(* Let $M$ be a smooth manifold of dimension $n$ and let $\dot x^i=v^i$, $\dot v^i=\Phi^i(x^1,\ldots,x^n,v^1,\ldots,v^n)$ be a Newtonian dynamical system on $M$. In each local chart define $\Gamma^k_{ij}=-\tfrac12\,\partial^2\Phi^k/\partial v^i\partial v^j$. Then $\Gamma^k_{ij}=\Gamma^k_{ji}$, and under every change of local coordinates $\tilde x=\tilde x(x)$ these functions satisfy $$\Gamma^k_{ij}=\sum_{m,a,c}S^k_mT^a_iT^c_j\tilde\Gamma^m_{ac}+\sum_mS^k_m\frac{\partial T^m_i}{\partial x^j},$$ where $S^i_j=\partial x^i/\partial\tilde x^j$, $T^i_j=\partial\tilde x^i/\partial x^j$ and $\tilde\Gamma$ is computed in the new chart at the corresponding point $(\tilde x,\tilde v)$, $\tilde v^i=\sum_jT^i_jv^j$; i.e. they are the components of a symmetric extended affine connection (in $\mathbf v$-representation) canonically associated with the system.
   Context: A Newtonian dynamical system on $M$ is a smooth vector field on the tangent bundle $TM$ which in the induced coordinates $(x,v)$ reads $\sum_iv^i\partial/\partial x^i+\sum_i\Phi^i(x,v)\partial/\partial v^i$; equivalently, under a change of coordinates the functions $\Phi^i$ transform as $\tilde\Phi^i=\sum_jT^i_j\Phi^j+\sum_{j,k}(\partial T^i_j/\partial x^k)v^jv^k$. *)

From HB Require Import structures.
From mathcomp Require Import all_boot all_order all_algebra.
From mathcomp Require Import all_classical all_reals all_analysis.
Set Implicit Arguments. Unset Strict Implicit. Unset Printing Implicit Defensive.
Import Order.TTheory GRing.Theory Num.Theory.
Import numFieldNormedType.Exports.
Local Open Scope classical_set_scope.
Local Open Scope ring_scope.

(* A point of R^n is a row vector; its i-th coordinate is x ord0 i. *)

Definition ebase {R : realType} {n : nat} (i : 'I_n) : 'rV[R]_n := delta_mx 0 i.

Fixpoint iter_derive {R : realType} {V W : normedModType R}
  (l : seq V) (f : V -> W) : V -> W :=
  match l with
  | [::] => f
  | v :: l' => fun x => 'D_v (iter_derive l' f) x
  end.

Definition smooth_on {R : realType} {V W : normedModType R}
  (A : set V) (f : V -> W) : Prop :=
  forall (l : seq V) (x : V), A x -> differentiable (iter_derive l f) x.

Definition jac {R : realType} {n : nat} (psi : 'rV[R]_n -> 'rV[R]_n)
  (x : 'rV[R]_n) : 'M[R]_n :=
  \matrix_(i, j) 'D_(ebase j) (fun y => psi y ord0 i) x.

Definition djac {R : realType} {n : nat} (psi : 'rV[R]_n -> 'rV[R]_n)
  (i j k : 'I_n) (x : 'rV[R]_n) : R :=
  'D_(ebase k) (fun y => jac psi y i j) x.

Definition Gamma {R : realType} {n : nat}
  (Phi : 'rV[R]_n * 'rV[R]_n -> 'rV[R]_n) (k i j : 'I_n)
  (x v : 'rV[R]_n) : R :=
  - (1 / 2) * 'D_(ebase i) (fun w => 'D_(ebase j) (fun u => Phi (x, u) ord0 k) w) v.

Definition tvel {R : realType} {n : nat} (psi : 'rV[R]_n -> 'rV[R]_n)
  (x v : 'rV[R]_n) : 'rV[R]_n :=
  \row_i \sum_j jac psi x i j * v ord0 j.

(* Gamma is -1/2 times the Hessian of Phi in the velocity variables, so its
   symmetry is Schwarz's theorem.  Differentiating the transformation law of
   Phi twice in v: on the left, tPhi is composed with the linear map v |-> T v,
   so its v-Hessian gets conjugated by T; on the right, the term T Phi gives T
   times the v-Hessian of Phi and the quadratic term dT^m_j/dx^k v^j v^k gives
   the symmetrised coefficients dT^m_i/dx^j + dT^m_j/dx^i, which are equal by
   Schwarz's theorem for psi.  Multiplying by S = T^-1 (the chain rule for
   phi o psi = id) yields the transformation law of an affine connection.
   Schwarz's theorem itself follows from applying the mean value theorem
   twice to a second difference. *)

From HB Require Import structures.
From mathcomp Require Import all_boot all_order all_algebra.
From mathcomp Require Import all_classical all_reals all_analysis.
From mathcomp Require Import ring lra.

Set Implicit Arguments.
Unset Strict Implicit.
Unset Printing Implicit Defensive.
Import Order.TTheory GRing.Theory Num.Theory.
Import numFieldNormedType.Exports.
Local Open Scope classical_set_scope.
Local Open Scope ring_scope.

Section DirectionalDerivatives.
Variable R : realType.
Implicit Types V W X : normedModType R.

Lemma derive_line_eq V X W (f : V -> W) (g : X -> W) x v x' v' :
  (forall h : R, f (h *: v + x) = g (h *: v' + x')) ->
  'D_v f x = 'D_v' g x' /\ (derivable f x v <-> derivable g x' v').
Proof.
move=> fg; have fgx : f x = g x' by have := fg 0; rewrite !scale0r !add0r.
rewrite /derive /derivable.
suff -> : (fun h : R => h^-1 *: ((f \o shift x) (h *: v) - f x)) =
          (fun h : R => h^-1 *: ((g \o shift x') (h *: v') - g x')) by [].
by apply/funext => h /=; rewrite fg fgx.
Qed.

Lemma derive_partial V X W (F : V * X -> W) y e w :
  'D_e (fun u => F (y, u)) w = 'D_(0, e) F (y, w).
Proof.
apply: (derive_line_eq _).1 => h.
have -> : h *: ((0 : V), e) + (y, w) = (h *: 0 + y, h *: e + w) by [].
by rewrite scaler0 add0r.
Qed.

Lemma iter_derive_partial V X W (F : V * X -> W) y l :
  iter_derive l (fun u => F (y, u)) =
  fun u => iter_derive [seq (0, e) | e <- l] F (y, u).
Proof. by elim: l => //= e l ->; apply/funext => w; rewrite derive_partial. Qed.

Lemma iter_derive_comp_linear V X W (L : {linear V -> X}) (F : X -> W) l :
  iter_derive l (F \o L) = iter_derive [seq L e | e <- l] F \o L.
Proof.
elim: l => //= e l ->; apply/funext => w /=.
by apply: (derive_line_eq _).1 => h /=; rewrite linearD linearZ.
Qed.

Lemma smooth_on_partial V X W (A : set V) (F : V * X -> W) y :
  smooth_on (A `*` setT) F -> A y -> smooth_on setT (fun u => F (y, u)).
Proof.
move=> sF Ay l u _; rewrite iter_derive_partial.
apply: (@differentiable_comp _ _ _ _ (fun u => (y, u))).
  exact: differentiable_pair.
exact: sF.
Qed.

Lemma derive_comp V W X (f : V -> W) (g : W -> X) x v :
  differentiable f x -> differentiable g (f x) ->
  'D_v (g \o f) x = 'D_('D_v f x) g (f x).
Proof.
move=> df dg; rewrite !deriveE //; last exact: differentiable_comp.
by rewrite diff_comp.
Qed.

End DirectionalDerivatives.

Lemma mx_entry_le_norm (R : realType) p q (M : 'M[R]_(p, q)) i j :
  `|M i j| <= `|M|.
Proof. by rewrite [leRHS]mx_normrE; apply: (le_bigmax _ _ (i, j)). Qed.

Section Coordinates.
Variables (R : realType) (X : normedModType R) (m : nat).

Lemma derive_coord (F : X -> 'rV[R]_m) x v k :
  derivable F x v -> 'D_v (fun y => F y ord0 k) x = 'D_v F x ord0 k.
Proof. by move=> dF; rewrite derive_mx // mxE. Qed.

Lemma iter_derive_coord (F : X -> 'rV[R]_m) k l :
  smooth_on setT F ->
  iter_derive l (fun y => F y ord0 k) = fun y => iter_derive l F y ord0 k.
Proof.
move=> sF; elim: l => //= e l ->; apply/funext => y.
exact/derive_coord/diff_derivable/sF.
Qed.

Lemma smooth_on_coord (F : X -> 'rV[R]_m) k :
  smooth_on setT F -> smooth_on setT (fun y => F y ord0 k).
Proof.
move=> sF l y _; rewrite iter_derive_coord //.
apply: (@differentiable_comp _ _ _ _ _ (fun M : 'rV[R]_m => M ord0 k)).
  exact: sF.
exact: differentiable_coord.
Qed.

Lemma derive2_coord (F : X -> 'rV[R]_m) k a b x : smooth_on setT F ->
  'D_a ('D_b (fun y => F y ord0 k)) x = 'D_a ('D_b F) x ord0 k.
Proof.
by move=> sF; exact: (congr1 (fun g => g x) (iter_derive_coord k [:: a; b] sF)).
Qed.

End Coordinates.

Section Schwarz.
Variables (R : realType) (X : normedModType R) (m : nat).
Implicit Types (F : X -> 'rV[R]_m) (x a b v : X).

Lemma is_derive_line_coord F x v k s :
  derivable F (s *: v + x) v ->
  is_derive s (1 : R) (fun t => F (t *: v + x) ord0 k)
    ('D_v F (s *: v + x) ord0 k).
Proof.
move=> dF; rewrite -derive_coord //.
have line (h : R) : F ((h *: 1 + s) *: v + x) ord0 k =
    F (h *: v + (s *: v + x)) ord0 k.
  by rewrite -[h *: 1]/(h * 1) mulr1 scalerDl addrA.
have [<- dE] := derive_line_eq (f := fun t : R => F (t *: v + x) ord0 k)
  (g := fun y => F y ord0 k) line.
by apply: DeriveDef => //; apply/dE; move/derivable_mxP: dF; apply.
Qed.

Lemma mvt_line_coord F x v k h : 0 < h ->
  (forall s, 0 <= s <= h -> derivable F (s *: v + x) v) ->
  exists2 s, 0 < s < h &
    F (h *: v + x) ord0 k - F x ord0 k = h * 'D_v F (s *: v + x) ord0 k.
Proof.
move=> h0 dF.
have dline s : 0 <= s <= h -> is_derive s (1 : R)
    (fun t => F (t *: v + x) ord0 k) ('D_v F (s *: v + x) ord0 k).
  by move=> /dF; apply: is_derive_line_coord.
have cont : {within `[0, h], continuous (fun t => F (t *: v + x) ord0 k)}.
  by apply: derivable_within_continuous => s /[!in_itv] /dline[].
have dline_oo s : s \in `]0, h[ -> is_derive s (1 : R)
    (fun t => F (t *: v + x) ord0 k) ('D_v F (s *: v + x) ord0 k).
  by rewrite in_itv => /andP[s0 sh]; apply: dline; rewrite !ltW.
have [s s_in Es] := MVT h0 dline_oo cont.
rewrite in_itv /= in s_in; exists s => //.
by rewrite scale0r add0r subr0 mulrC in Es.
Qed.

Lemma box_sub_ball x a b d (h s t : R) :
  h * (`|a| + `|b|) < d -> 0 <= s <= h -> 0 <= t <= h ->
  ball x d (s *: a + (t *: b + x)).
Proof.
move=> hd /andP[s0 sh] /andP[t0 th]; rewrite -ball_normE /=.
rewrite addrA opprD addrCA subrr addr0 normrN.
apply: le_lt_trans (ler_normD _ _) _; rewrite !normrZ !ger0_norm //.
by apply: le_lt_trans hd; rewrite mulrDr lerD // ler_wpM2r.
Qed.

Lemma second_difference_mvt F x a b d k h :
  (forall y, ball x d y -> differentiable F y /\ differentiable ('D_a F) y) ->
  0 < h -> h * (`|a| + `|b|) < d ->
  exists s t, [/\ 0 < s < h, 0 < t < h &
    F (h *: a + (h *: b + x)) ord0 k - F (h *: a + x) ord0 k
      - F (h *: b + x) ord0 k + F x ord0 k
    = h ^+ 2 * 'D_b ('D_a F) (t *: b + (s *: a + x)) ord0 k].
Proof.
move=> dF h0 hd.
have hh : 0 <= h <= h by rewrite lexx andbT ltW.
have h0h : 0 <= (0 : R) <= h by rewrite lexx ltW.
have dFbox s t : 0 <= s <= h -> 0 <= t <= h ->
    differentiable F (s *: a + (t *: b + x)) /\
    differentiable ('D_a F) (s *: a + (t *: b + x)).
  by move=> hs ht; apply/dF/(box_sub_ball _ hd hs ht).
pose G := (fun y => F (y + h *: b)) - F.
have DG s : 0 <= s <= h -> derivable G (s *: a + x) a /\
    'D_a G (s *: a + x) = 'D_a F (h *: b + (s *: a + x)) - 'D_a F (s *: a + x).
  move=> hs; have [dFh _] := dFbox s h hs hh; have [dF0 _] := dFbox s 0 hs h0h.
  rewrite addrCA in dFh; rewrite scale0r add0r in dF0.
  have shift (r : R) : F ((r *: a + (s *: a + x)) + h *: b) =
      F (r *: a + (h *: b + (s *: a + x))).
    by rewrite addrAC -addrA.
  have [Dsh dsh] := @derive_line_eq _ _ _ _ (fun y => F (y + h *: b)) F
    (s *: a + x) a (h *: b + (s *: a + x)) a shift.
  have dsh' := dsh.2 (diff_derivable dFh).
  split; first exact: derivableB dsh' (diff_derivable dF0).
  by rewrite deriveB ?Dsh; last exact: diff_derivable dF0.
have [s /andP[s0 sh] Es] := mvt_line_coord k h0 (fun s hs => (DG s hs).1).
have hs : 0 <= s <= h by rewrite !ltW.
have dDaF t : 0 <= t <= h -> derivable ('D_a F) (t *: b + (s *: a + x)) b.
  by move=> ht; rewrite addrCA; exact/diff_derivable/(dFbox s t hs ht).2.
have [t /andP[t0 th] Et] := mvt_line_coord k h0 dDaF.
exists s, t; split; rewrite ?s0 ?t0 //.
rewrite (DG s hs).2 !mxE Et -[h *: a + x + _]addrA [x + h *: b]addrC in Es.
by rewrite expr2 -mulrA -Es; ring.
Qed.

Lemma derive2C F x a b :
  (\forall y \near x, [/\ differentiable F y, differentiable ('D_a F) y
                        & differentiable ('D_b F) y]) ->
  {for x, continuous ('D_b ('D_a F))} -> {for x, continuous ('D_a ('D_b F))} ->
  'D_b ('D_a F) x = 'D_a ('D_b F) x.
Proof.
move=> dF cab cba; apply/rowP => k; apply/eqP; rewrite -subr_eq0 -normr_le0.
apply/ler_addgt0Pr => e e0; rewrite add0r.
have e2 : 0 < e / 2 by rewrite divr_gt0.
move/cvgrPdist_lt/(_ _ e2): cab => cab; move/cvgrPdist_lt/(_ _ e2): cba => cba.
have [d d0 near_d] := (nbhs_ballP x _).1 (filterI dF (filterI cab cba)).
pose h := d / (2 * (`|a| + `|b| + 1)).
have h0 : 0 < h by rewrite divr_gt0 // mulr_gt0 // ltr_wpDl ?addr_ge0.
have hab : h * (`|a| + `|b|) < d.
  rewrite /h mulrAC ltr_pdivrMr ?mulr_gt0 ?ltr_wpDl ?addr_ge0 //.
  by rewrite ltr_pM2l //; have := normr_ge0 a; have := normr_ge0 b; lra.
have hba : h * (`|b| + `|a|) < d by rewrite addrC.
have dFa y : ball x d y -> differentiable F y /\ differentiable ('D_a F) y.
  by move=> /near_d[[]].
have dFb y : ball x d y -> differentiable F y /\ differentiable ('D_b F) y.
  by move=> /near_d[[]].
have [s1 [t1 [s1_in t1_in E1]]] := second_difference_mvt k dFa h0 hab.
have [s2 [t2 [s2_in t2_in E2]]] := second_difference_mvt k dFb h0 hba.
(* the second difference is symmetric in [a] and [b] *)
have same : 'D_b ('D_a F) (t1 *: b + (s1 *: a + x)) ord0 k =
            'D_a ('D_b F) (t2 *: a + (s2 *: b + x)) ord0 k.
  have h2 : h ^+ 2 != 0 by rewrite expf_neq0 ?gt_eqF.
  apply: (mulfI h2); apply: etrans (esym E1) (etrans _ E2).
  by rewrite [h *: b + (h *: a + x)]addrCA; ring.
have box s : 0 < s < h -> 0 <= s <= h by case/andP => *; rewrite !ltW.
have [_ [near1 _]] := near_d _ (box_sub_ball x hba (box _ t1_in) (box _ s1_in)).
have [_ [_ near2]] := near_d _ (box_sub_ball x hab (box _ t2_in) (box _ s2_in)).
have coord_lt (M N : 'rV[R]_m) :
    `|M - N| < e / 2 -> `|M ord0 k - N ord0 k| < e / 2.
  move=> MN; apply: le_lt_trans MN.
  by have := mx_entry_le_norm (M - N) 0 k; rewrite !mxE.
have close (P Q u1 u2 : R) :
    u1 = u2 -> `|P - u1| < e / 2 -> `|Q - u2| < e / 2 -> `|P - Q| <= e.
  move=> <- Pu Qu; have -> : P - Q = (P - u1) - (Q - u1) by ring.
  by apply: le_trans (ler_normB _ _) _; rewrite [leRHS]splitr lerD ?ltW.
exact: close same (coord_lt _ _ near1) (coord_lt _ _ near2).
Qed.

* * * * * * * * *

# INSTRUCTIONS TO FOLLOW:
Count the lines of the entries above that contain the word "Section" and give only the number.

# RESULT OF THE TASK:
3